Ответ был излишен, — перо аппарата высоко подскочило, вычерчивая гребень нарастающей волны. Речь сотрудника вызывала немедленный импульс из мозга к кишечному тракту. Впервые на опыте подтвердились высказывания Павлова.
— Окружающий мир, — говорил он, — отражается в мозговой коре человека не только в красках, формах, звуках и так далее, но и символически в виде мимики, жестов и речи. Одна из основных особенностей человека — это наличие у него специальных форм социальной сигнализации. Слово, раз связанное в мозгу с понятием предмета, служит тем же для человека, что звонок и метроном — для лабораторного животного.
Экспериментатор остается верным принципу учителя: все проверять, всегда сомневаться, не верить, а знать.
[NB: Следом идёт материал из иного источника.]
Definition orthonormal (f : nat -> V) (k : nat) :=
  forall l m, (l < k)%N -> (m < k)%N -> ipi (f l) (f m) = (l == m)%:R.

Lemma sum_delta k (c : 'I_k -> C) (m : 'I_k) :
  \sum_(l < k) c l * (l == m)%:R = c m.
Proof.
by rewrite (bigD1 m) //= eqxx mulr1 big1 ?addr0 // => l /negPf ->; rewrite mulr0.
Qed.

Lemma orth_decomp f k x : orthonormal f k ->
  orth f k (x - \sum_(l < k) ipi x (f l) *: f l).
Proof.
move=> onf m lt_mk; rewrite (hermBl ipi_herm) (herm_suml ipi_herm).
rewrite (eq_bigr (fun l : 'I_k => ipi x (f l) * (l == Ordinal lt_mk)%:R)).
  by rewrite sum_delta subrr.
by move=> l _; rewrite onf.
Qed.

Definition a_eigen u (nu : R) := forall x, a u x = cR nu * ipi u x.

Lemma a_eigen_subspace mu : subspace (a_eigen ^~ mu).
Proof.
split=> [v|c x y ex ey v]; first by rewrite (herm0l a_herm) (herm0l ipi_herm) mulr0.
by rewrite (proj1 a_herm) (proj1 ipi_herm) ex ey; ring.
Qed.

Local Notation b := (bform ipH i a).

Lemma bformE mu u v : b mu u v = a u v - cR mu * ipi u v.
Proof. by []. Qed.

Lemma bform_herm mu : hermitian_form (b mu).
Proof.
split=> [c x y z|x y]; rewrite !bformE.
  by rewrite (proj1 a_herm) (proj1 ipi_herm); ring.
by rewrite (proj2 a_herm) (proj2 ipi_herm) cconjD cconjN cconjM cconjR.
Qed.

Lemma qform_bform mu x : qform (b mu) x = qa x - mu * qH x.
Proof. by rewrite /qform bformE cReB ReMcR. Qed.

(* Euler-Lagrange equation of the constrained Rayleigh quotient. *)
Lemma rayleigh_eigen f k mu w : orthonormal f k ->
  (forall l, (l < k)%N -> a_eigen (f l) (qa (f l))) ->
  (forall y, orth f k y -> mu * qH y <= qa y) ->
  orth f k w -> qa w = mu * qH w -> a_eigen w mu.
Proof.
move=> onf eigf lb ow qaw x; apply/eqP; rewrite -subr_eq0; apply/eqP.
have null y : orth f k y -> b mu w y = 0.
  move=> oy; rewrite (proj2 (bform_herm mu)).
  rewrite (psd_null_orth (bform_herm mu) (orth_subspace f k)) ?cconj0 //.
    by move=> z oz; rewrite qform_bform subr_ge0 lb.
  by rewrite qform_bform qaw subrr.
have b_eigf l : (l < k)%N -> b mu w (f l) = 0.
  move=> lt_lk; rewrite (proj2 (bform_herm mu)) bformE eigf // -mulrBl.
  by rewrite (proj2 ipi_herm) ow // cconj0 mulr0 cconj0.
pose y := x - \sum_(l < k) ipi x (f l) *: f l.
have -> : x = y + \sum_(l < k) ipi x (f l) *: f l by rewrite subrK.
rewrite -bformE (hermDr (bform_herm mu)) (null y (orth_decomp x onf)) add0r.
by rewrite (herm_sumr (bform_herm mu)) big1 // => l _; rewrite b_eigf // mulr0.
Qed.

(* m + 1 independent vectors cannot all be excluded by m orthogonality
   constraints: the constraint matrix has a nontrivial kernel. *)
Lemma exists_orth_comb m (x : 'I_m.+1 -> V) (f : nat -> V) : lin_indep x ->
  exists c : 'I_m.+1 -> C, \sum_(p < m.+1) c p *: x p <> 0 /\
    orth f m (\sum_(p < m.+1) c p *: x p).
Proof.
move=> x_indep; pose M : 'M[C]_(m.+1, m) := \matrix_(p, q) ipi (x p) (f q).
have kerM_neq0 : kermx M != 0.
  by rewrite -mxrank_eq0 mxrank_ker subn_eq0 -ltnNge ltnS rank_leq_col.
have [r [q kerM_rq]] : exists r q, kermx M r q != 0.
  apply: contrapT => all0; move/eqP: kerM_neq0; apply; apply/matrixP => r q.
  by rewrite [RHS]mxE; apply: contrapT => nz; apply: all0; exists r, q; apply/eqP.
pose d := row r (kermx M).
have dM : d *m M = 0 by rewrite /d -row_mul mulmx_ker row0.
exists (fun p => d 0 p); split.
  by move=> /x_indep /(_ q); rewrite /d mxE => d0; rewrite d0 eqxx in kerM_rq.
move=> l lt_lm; rewrite (herm_suml ipi_herm).
have := congr1 (fun A : 'rV_m => A 0 (Ordinal lt_lm)) dM; rewrite /= !mxE => sum0.
by rewrite -[RHS]sum0; apply: eq_bigr => p _; rewrite !mxE.
Qed.

(* An H-orthonormal sequence has no H-convergent subsequence, so by compactness
   of [i] it cannot be bounded in V. *)
Lemma orthonormal_qa_unbounded (e : nat -> V) (B : R) :
  (forall l m, ipi (e l) (e m) = (l == m)%:R) -> ~ (forall k, qa (e k) <= B).
Proof.
move=> onf bounded; have [om [de [om_gt0 de_gt0 ell]]] := qa_elliptic.
have qH1 k : qH (e k) = 1 by rewrite /qform onf eqxx.
have qV_bounded k : qV (e k) <= (B + om) / de.
  rewrite ler_pdivlMr // mulrC; apply: le_trans (ell _) _.
  by rewrite qH1 mulr1 lerD2r.
have [phi [incr cauchyH]] := bounded_subseq_cauchyH qV_bounded.
have [N close] := cauchyH 1 ltr01; have := close N N.+1 (leqnn _) (leqnSn _).
rewrite (qformB ipi_herm) !qH1 onf (ltn_eqF (incr N)) /=.
lra.
Qed.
Успех рождает у него подозрение: действительно ли реакции кишечной петли на человеческую речь — условный рефлекс, а не что-нибудь иное? Он проверит это на опыте. Временные связи исчезают, если не подкреплять врожденные реакции, которым они служат сигналом. Лампа перестает вызывать слюну, если включение света ничего не приносит пищевому инстинкту. Ответы кишки у больного были ответом пищевого врожденного рефлекса, а речь ученого — условным раздражителем. Бесплодная сигнализация должна угасить эту временную связь. Сотрудник приступает к проверке. Он с видом заправского повара продолжает свои экскурсы в область гастрономии, обсуждает достоинства пищи с больным, но не кормит его. Аппарат регистрирует перемену, падает гребень кривой диаграммы, все ровней и ровней идет запись, петля кишки обретает покой.
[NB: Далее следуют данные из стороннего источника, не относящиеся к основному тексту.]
Lemma coef_one_sub_primitive_exp L m n : (n <= L)%N ->
  ((1 - primitive_series a lam L) ^+ m)`_n =
  \sum_(i < m.+1) (-1) ^+ i * motzkin_wt a lam n 0 i *+ 'C(m, i).
Proof.
move=> le_nL; rewrite exprBn coef_sum; apply: eq_bigr => i _.
have -> : (-1) ^+ i = ((-1) ^+ i)%:P :> {poly C} by rewrite polyC_exp polyCN.
by rewrite coefMn expr1n mulr1 coefCM coef_primitive_series_exp.
Qed.

End MomentSeries.

Theorem mainTheorem1 (R : realType) (a lam c : nat -> R[i]) :
  is_free_cumulants (moment a lam) c ->
  forall n : nat, (2 <= n)%N ->
    c n = \sum_(p in motzkin_paths n)
            ((-1) ^+ (returns0 p).-1 / (n.-1)%:R
              * ('C(n.-1, returns0 p))%:R * valuation a lam p).
Proof.
move=> cum_c [|[|k]] // _.
have := cumulant_lagrange (eqXn_cumulant_series (n := k.+2) cum_c)
                          (eqXn_moment_series_inverse a lam (n := k.+2)).
rewrite coef_one_sub_primitive_exp // => ck.
rewrite (sum_motzkin_paths_by_returns a lam _ (fun r => (-1) ^+ r.-1 / k.+1%:R * 'C(k.+1, r)%:R)).
rewrite big_ord_recr /= bin_small // mulr0 mul0r addr0.
apply: (mulIf (x := k.+1%:R)); first by rewrite pnatr_eq0.
rewrite mulr_natr ck mulr_suml -sumrN; apply: eq_bigr => -[[|i] lt_ik] _ /=.
  by rewrite motzkin_wt_return0 !(mulr0, mul0r, mul0rn, oppr0).
by rewrite exprS mulN1r -mulr_natr; field; rewrite addrC natr1 pnatr_eq0.
Qed.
Поиски закономерностей продолжались. На этот раз решался вопрос: влияет ли кора головного мозга — орган, формирующий мысль и знание, — на процессы усвоения пищи? Или эта интимная функция не образует временных связей? Предметом опытов сделали собаку, у которой оператор вывел наружу кишечную петлю. Один край ее прирастили к отверстию в животе, а другой — наглухо зашили. Получилось нечто вроде опрокинутой бутылки, торчащей горлышком наружу. Нервные и кровеносные регуляции были сохранены, отрезок жил общей жизнью кишечного тракта. Подобно желудочку Павлова, кишечник животного разделили на две неравные части: бóльшая служила организму, а меньшая — делу науки.
В трех длинных бюретках находится: разбавленный яд — сапонин; раствор сахара — глюкоза и вода. Экспериментатор вливает в отрезок кишки обильную дозу глюкозы. Проходит некоторое время, и в петле остается ее меньше половины: раствор ушел в кровь сквозь стенки кишки. Это в порядке вещей, таков нормальный процесс всасывания пищи в организме. Следующим этапом в отверстие кишки вводится яд сапонин. Он увеличивает проницаемость слизистой оболочки кишечника и ускоряет процесс всасывания пищи. Таково его свойство. Теперь раствор сахара в отрезке кишки будет уноситься мгновенно.
Опыты продолжают под стук метронома: вначале звучание аппарата, затем вливание в кишки сапонина, позже глюкозы. Так длится месяц, другой, проходит полгода. Однажды экспериментатор пускает метроном и не вливает в кишку сапонина. Теперь, казалось, глюкоза всосется не скоро, слизистая оболочка не обработана. Экспериментатор открывает отверстие кишки — ни капли раствора, глюкоза прошла через стенки в кровь. Их сделал проницаемыми стук метронома. Он подействовал так же, как разбавленный яд, — сапонин.